Join our daily and weekly newsletters for the latest updates and exclusive content on industry-leading AI coverage. Learn More
Hugging Face has achieved a remarkable breakthrough in AI, introducing vision-language models that run on devices as small as smartphones while outperforming their predecessors that require massive data centers.
The company’s new SmolVLM-256M model, requiring less than one gigabyte of GPU memory, surpasses the performance of their Idefics 80B model from just 17 months ago — a system 300 times larger. This dramatic reduction in size and improvement in capability marks a watershed moment for practical AI deployment.
“When we released Idefics 80B in August 2023, we were the first company to open-source a video language model,” Andrés Marafioti, machine learning research engineer at Hugging Face, said in an exclusive interview with VentureBeat. “By achieving a 300X size reduction while improving performance, SmolVLM marks a breakthrough in vision-language models.”
Smaller AI models that run on everyday devices
The advancement arrives at a crucial moment for enterprises struggling with the astronomical computing costs of implementing AI systems. The new SmolVLM models — available in 256M and 500M parameter sizes — process images and understand visual content at speeds previously unattainable at their size class.
The smallest version processes 16 examples per second while using only 15GB of RAM with a batch size of 64, making it particularly attractive for businesses looking to process large volumes of visual data. “For a mid-sized company processing 1 million images monthly, this translates to substantial annual savings in compute costs,” Marafioti told VentureBeat. “The reduced memory footprint means businesses can deploy on cheaper cloud instances, cutting infrastructure costs.”
The development has already caught the attention of major technology players. IBM has partnered with Hugging Face to integrate the 256M model into Docling, their document processing software. “While IBM certainly has access to substantial compute resources, using smaller models like these allows them to efficiently process millions of documents at a fraction of the cost,” said Marafioti.
How Hugging Face reduced model size without compromising power
The efficiency gains come from technical innovations in both vision processing and language components. The team switched from a 400M parameter vision encoder to a 93M parameter version and implemented more aggressive token compression techniques. These changes maintain high performance while dramatically reducing computational requirements.
For startups and smaller enterprises, these developments could be transformative. “Startups can now launch sophisticated computer vision products in weeks instead of months, with infrastructure costs that were prohibitive mere months ago,” said Marafioti.

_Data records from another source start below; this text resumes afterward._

(* Let $M$ be an object of an abelian category $\mathcal{A}$. Then: (1) $M$ is strongly self-Rickart if and only if $M$ is self-Rickart and ${\rm End}_{\mathcal{A}}(M)$ is an abelian ring. (2) $M$ is dual strongly self-Rickart if and only if $M$ is dual self-Rickart and ${\rm End}_{\mathcal{A}}(M)$ is an abelian ring.
   Context: A ring is abelian if every idempotent element is central. A morphism $f:X\to Y$ is a section if $f'f=1_X$ for some $f'$, a retraction if $ff'=1_Y$ for some $f'$. A monomorphism $k:K\to M$ is fully invariant if for every $h:M\to M$ there is $\alpha:K\to K$ with $hk=k\alpha$; an epimorphism $c:M\to C$ is fully coinvariant if for every $h:M\to M$ there is $\gamma:C\to C$ with $ch=\gamma c$. $M$ is self-Rickart if the kernel of every endomorphism of $M$ is a section; dual self-Rickart if the cokernel of every endomorphism of $M$ is a retraction; strongly self-Rickart if the kernel of every endomorphism of $M$ is a fully invariant section; dual strongly self-Rickart if the cokernel of every endomorphism of $M$ is a fully coinvariant retraction. *)

(* A hand-rolled (honest) notion of abelian category:
   a preadditive category (Hom-sets are Z-modules, composition bilinear)
   with a zero object, binary biproducts, kernels and cokernels of every
   morphism, in which every monomorphism is a kernel and every epimorphism
   is a cokernel. *)
From HB Require Import structures.
From mathcomp Require Import all_boot all_algebra.
Set Implicit Arguments. Unset Strict Implicit. Unset Printing Implicit Defensive.
Import GRing.Theory.
Local Open Scope ring_scope.

Record preadditive := Preadditive {
  Obj :> Type;
  Hom : Obj -> Obj -> zmodType;
  mcomp : forall X Y Z : Obj, Hom Y Z -> Hom X Y -> Hom X Z;
  idm : forall X : Obj, Hom X X;
  compA : forall (W X Y Z : Obj) (f : Hom Y Z) (g : Hom X Y) (h : Hom W X),
      mcomp f (mcomp g h) = mcomp (mcomp f g) h;
  comp1m : forall (X Y : Obj) (f : Hom X Y), mcomp (idm Y) f = f;
  compm1 : forall (X Y : Obj) (f : Hom X Y), mcomp f (idm X) = f;
  compDl : forall (X Y Z : Obj) (f g : Hom Y Z) (h : Hom X Y),
      mcomp (f + g) h = mcomp f h + mcomp g h;
  compDr : forall (X Y Z : Obj) (f : Hom Y Z) (g h : Hom X Y),
      mcomp f (g + h) = mcomp f g + mcomp f h
}.

Arguments mcomp {p X Y Z}.
Arguments idm {p}.

Section Notions.
Variable C : preadditive.

Definition is_mono (A B : C) (f : Hom A B) : Prop :=
  forall (X : C) (g h : Hom X A), mcomp f g = mcomp f h -> g = h.

Definition is_epi (A B : C) (f : Hom A B) : Prop :=
  forall (X : C) (g h : Hom B X), mcomp g f = mcomp h f -> g = h.

Definition is_kernel (M N K : C) (f : Hom M N) (k : Hom K M) : Prop :=
  mcomp f k = 0 /\
  forall (X : C) (g : Hom X M), mcomp f g = 0 ->
    exists! u : Hom X K, mcomp k u = g.

Definition is_cokernel (M N Q : C) (f : Hom M N) (c : Hom N Q) : Prop :=
  mcomp c f = 0 /\
  forall (X : C) (g : Hom N X), mcomp g f = 0 ->
    exists! u : Hom Q X, mcomp u c = g.

Definition is_zero_object (Z : C) : Prop := idm Z = 0.

Definition is_biproduct (A B P : C) (i1 : Hom A P) (i2 : Hom B P)
    (p1 : Hom P A) (p2 : Hom P B) : Prop :=
  [/\ mcomp p1 i1 = idm A, mcomp p2 i2 = idm B,
      mcomp p1 i2 = 0, mcomp p2 i1 = 0
    & mcomp i1 p1 + mcomp i2 p2 = idm P].

Definition is_abelian : Prop :=
  [/\ (exists Z : C, is_zero_object Z),
      (forall A B : C, exists (P : C) (i1 : Hom A P) (i2 : Hom B P)
        (p1 : Hom P A) (p2 : Hom P B), is_biproduct i1 i2 p1 p2),
      ((forall (M N : C) (f : Hom M N), exists (K : C) (k : Hom K M), is_kernel f k) /\
       (forall (M N : C) (f : Hom M N), exists (Q : C) (c : Hom N Q), is_cokernel f c)),
      (forall (A B : C) (f : Hom A B), is_mono f ->
        exists (Q : C) (g : Hom B Q), is_kernel g f)
    & (forall (A B : C) (f : Hom A B), is_epi f ->
        exists (K : C) (g : Hom K A), is_cokernel g f)].

Definition is_section (X Y : C) (f : Hom X Y) : Prop :=
  exists f' : Hom Y X, mcomp f' f = idm X.

Definition is_retraction (X Y : C) (f : Hom X Y) : Prop :=
  exists f' : Hom Y X, mcomp f f' = idm Y.

Definition fully_invariant (K M : C) (k : Hom K M) : Prop :=
  forall h : Hom M M, exists alpha : Hom K K, mcomp h k = mcomp k alpha.

Definition fully_coinvariant (M Q : C) (c : Hom M Q) : Prop :=
  forall h : Hom M M, exists gamma : Hom Q Q, mcomp c h = mcomp gamma c.

(* "the kernel" is read as: every kernel (they are all isomorphic) *)
Definition self_rickart (M : C) : Prop :=
  forall (f : Hom M M) (K : C) (k : Hom K M), is_kernel f k -> is_section k.

Definition dual_self_rickart (M : C) : Prop :=
  forall (f : Hom M M) (Q : C) (c : Hom M Q), is_cokernel f c -> is_retraction c.

Definition strongly_self_rickart (M : C) : Prop :=
  forall (f : Hom M M) (K : C) (k : Hom K M), is_kernel f k ->
    fully_invariant k /\ is_section k.

Definition dual_strongly_self_rickart (M : C) : Prop :=
  forall (f : Hom M M) (Q : C) (c : Hom M Q), is_cokernel f c ->
    fully_coinvariant c /\ is_retraction c.

End Notions.

Record abelianCategory := AbelianCategory {
  ab_cat :> preadditive;
  ab_axiom : is_abelian ab_cat
}.

Definition End (C : preadditive) (M : C) : Type := Hom M M.
HB.instance Definition _ (C : preadditive) (M : C) :=
  GRing.Zmodule.on (End M).

Section EndRing.
Variables (C : preadditive) (M : C).
Let mulE (f g : End M) : End M := mcomp f g.
Lemma End_mulA : associative mulE.
Proof. by move=> f g h; rewrite /mulE compA. Qed.
Lemma End_mul1 : left_id (idm M : End M) mulE.
Proof. by move=> f; rewrite /mulE comp1m. Qed.
Lemma End_mulr1 : right_id (idm M : End M) mulE.
Proof. by move=> f; rewrite /mulE compm1. Qed.
Lemma End_mulDl : left_distributive mulE +%R.
Proof. by move=> f g h; rewrite /mulE compDl. Qed.
Lemma End_mulDr : right_distributive mulE +%R.
Proof. by move=> f g h; rewrite /mulE compDr. Qed.
End EndRing.

HB.instance Definition _ (C : preadditive) (M : C) :=
  GRing.Zmodule_isPzRing.Build (End M)
    (@End_mulA C M) (@End_mul1 C M) (@End_mulr1 C M)
    (@End_mulDl C M) (@End_mulDr C M).

Definition abelian_ring (R : pzRingType) : Prop :=
  forall e : R, e * e = e -> forall x : R, e * x = x * e.

From Pilot Require Import Defs.
From mathcomp Require Import all_boot all_algebra.
Set Implicit Arguments. Unset Strict Implicit. Unset Printing Implicit Defensive.
Import GRing.Theory.
Local Open Scope ring_scope.

(* A section k with retraction k' gives the idempotent k k' of End(M), and
   k is fully invariant as soon as k k' is central.  Conversely, if the
   kernel of f is fully invariant then f g = 0 implies f x g = 0 for every x;
   applied to an idempotent e and its complement 1 - e this gives
   e x (1 - e) = 0 = (1 - e) x e, i.e. e x = e x e = x e.  Part (2) is part (1)
   in the opposite category. *)

Lemma comm_of_offdiag0 (R : pzRingType) (e x : R) :
  e * x * (1 - e) = 0 -> (1 - e) * x * e = 0 -> GRing.comm e x.
Proof.
rewrite mulrBr mulr1 !mulrBl mul1r => /subr0_eq exe /subr0_eq xe.
by rewrite /GRing.comm exe xe.
Qed.

Section Opposite.
Variable C : preadditive.

(* Kernels, sections and fully invariant monomorphisms of [opposite C] are,
   by conversion, cokernels, retractions and fully coinvariant epimorphisms
   of C, while End M becomes the converse ring. *)
Definition opposite : preadditive.
Proof.
refine (@Preadditive C (fun X Y => Defs.Hom Y X) (fun X Y Z f g => mcomp g f)
          (@idm C) _ _ _ _ _) => *.
- by rewrite Defs.compA.
- exact: compm1.
- exact: comp1m.
- exact: compDr.
- exact: compDl.
Defined.

Lemma abelian_ring_End_op (M : C) :
  abelian_ring (End (M : opposite)) <-> abelian_ring (End M).
Proof. by split=> abM e e_idem x; symmetry; apply: abM. Qed.

End Opposite.

Section Preadditive.
Variable C : preadditive.

Lemma comp0m (X Y Z : C) (h : Defs.Hom X Y) : mcomp (0 : Defs.Hom Y Z) h = 0.
Proof.
apply: (addrI (mcomp (0 : Defs.Hom Y Z) h)).
by rewrite -compDl !addr0.
Qed.

Lemma fully_invariant_kernel_comp0 (M N K X : C) (f : Defs.Hom M N)
    (k : Defs.Hom K M) (g : Defs.Hom X M) (h : Defs.Hom M M) :
  is_kernel f k -> fully_invariant k -> mcomp f g = 0 -> mcomp f (mcomp h g) = 0.
Proof.
move=> [fk0 k_univ] k_inv /k_univ [u [<- _]].
have [alpha hk] := k_inv h.
by rewrite (Defs.compA h) hk -Defs.compA Defs.compA fk0 comp0m.
Qed.

End Preadditive.

Section SelfRickart.
Variables (C : preadditive) (M : C).

Lemma abelian_End_of_fully_invariant_kernels :
  (forall f : End M, exists (K : C) (k : Defs.Hom K M),
     is_kernel f k /\ fully_invariant k) ->
  abelian_ring (End M).
Proof.
move=> ker e e_idem x.
have offdiag0 (f g : End M) : f * g = 0 -> f * x * g = 0.
  have [K [k [ker_k inv_k]]] := ker f.
  by rewrite -mulrA; exact: fully_invariant_kernel_comp0 ker_k inv_k.
apply: comm_of_offdiag0; apply: offdiag0.
  by rewrite mulrBr mulr1 e_idem subrr.
by rewrite mulrBl mul1r e_idem subrr.
Qed.

Lemma fully_invariant_section (K : C) (k : Defs.Hom K M) :
  abelian_ring (End M) -> is_section k -> fully_invariant k.
Proof.
move=> abM [k' k'k] h; exists (mcomp k' (mcomp h k)).
have idem : (mcomp k k' : End M) * mcomp k k' = mcomp k k'.
  by rewrite [LHS]Defs.compA -(Defs.compA k k' k) k'k compm1.
have central : mcomp (mcomp k k') h = mcomp h (mcomp k k') := abM _ idem h.
by rewrite !Defs.compA central -(Defs.compA h) -(Defs.compA k) k'k compm1.
Qed.

Lemma strongly_self_rickartP :
  (forall f : End M, exists (K : C) (k : Defs.Hom K M), is_kernel f k) ->
  strongly_self_rickart M <-> self_rickart M /\ abelian_ring (End M).
Proof.
move=> ker; split=> [sM | [rM abM] f K k ker_k].
  split=> [f K k /sM[] // |].
  apply: abelian_End_of_fully_invariant_kernels => f.
  have [K [k ker_k]] := ker f.
  by exists K, k; split=> //; case: (sM f K k ker_k).
have sec_k := rM f K k ker_k.
by split=> //; exact: fully_invariant_section.
Qed.

End SelfRickart.

Theorem proposition2p14 (A : abelianCategory) (M : A) :
  (strongly_self_rickart M <-> self_rickart M /\ abelian_ring (End M)) /\
  (dual_strongly_self_rickart M <-> dual_self_rickart M /\ abelian_ring (End M)).
Proof.
case: (ab_axiom A) => _ _ [ker coker] _ _.
split; first exact: strongly_self_rickartP.
have opP := @strongly_self_rickartP (opposite A) M (coker M M).
split=> [/opP[rM abM] | [rM abM]].
  by split=> //; apply/abelian_ring_End_op.
by apply/opP; split=> //; apply/abelian_ring_End_op.
Qed.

The impact extends beyond cost savings to enabling entirely new applications. The models are powering advanced document search capabilities through ColiPali, an algorithm that creates searchable databases from document archives. “They obtain very close performances to those of models 10X the size while significantly increasing the speed at which the database is created and searched, making enterprise-wide visual search accessible to businesses of all types for the first time,” Marafioti explained.
Why smaller AI models are the future of AI development
The breakthrough challenges conventional wisdom about the relationship between model size and capability. While many researchers have assumed that larger models were necessary for advanced vision-language tasks, SmolVLM demonstrates that smaller, more efficient architectures can achieve similar results. The 500M parameter version achieves 90% of the performance of its 2.2B parameter sibling on key benchmarks.
Rather than suggesting an efficiency plateau, Marafioti sees these results as evidence of untapped potential: “Until today, the standard was to release VLMs starting at 2B parameters; we thought that smaller models were not useful. We are proving that, in fact, models at 1/10 of the size can be extremely useful for businesses.”
This development arrives amid growing concerns about AI’s environmental impact and computing costs. By dramatically reducing the resources required for vision-language AI, Hugging Face’s innovation could help address both issues while making advanced AI capabilities accessible to a broader range of organizations.
The models are available open-source, continuing Hugging Face’s tradition of increasing access to AI technology. This accessibility, combined with the models’ efficiency, could accelerate the adoption of vision-language AI across industries from healthcare to retail, where processing costs have previously been prohibitive.
In a field where bigger has long meant better, Hugging Face’s achievement suggests a new paradigm: The future of AI might not be found in ever-larger models running in distant data centers, but in nimble, efficient systems running right on our devices. As the industry grapples with questions of scale and sustainability, these smaller models might just represent the biggest breakthrough yet.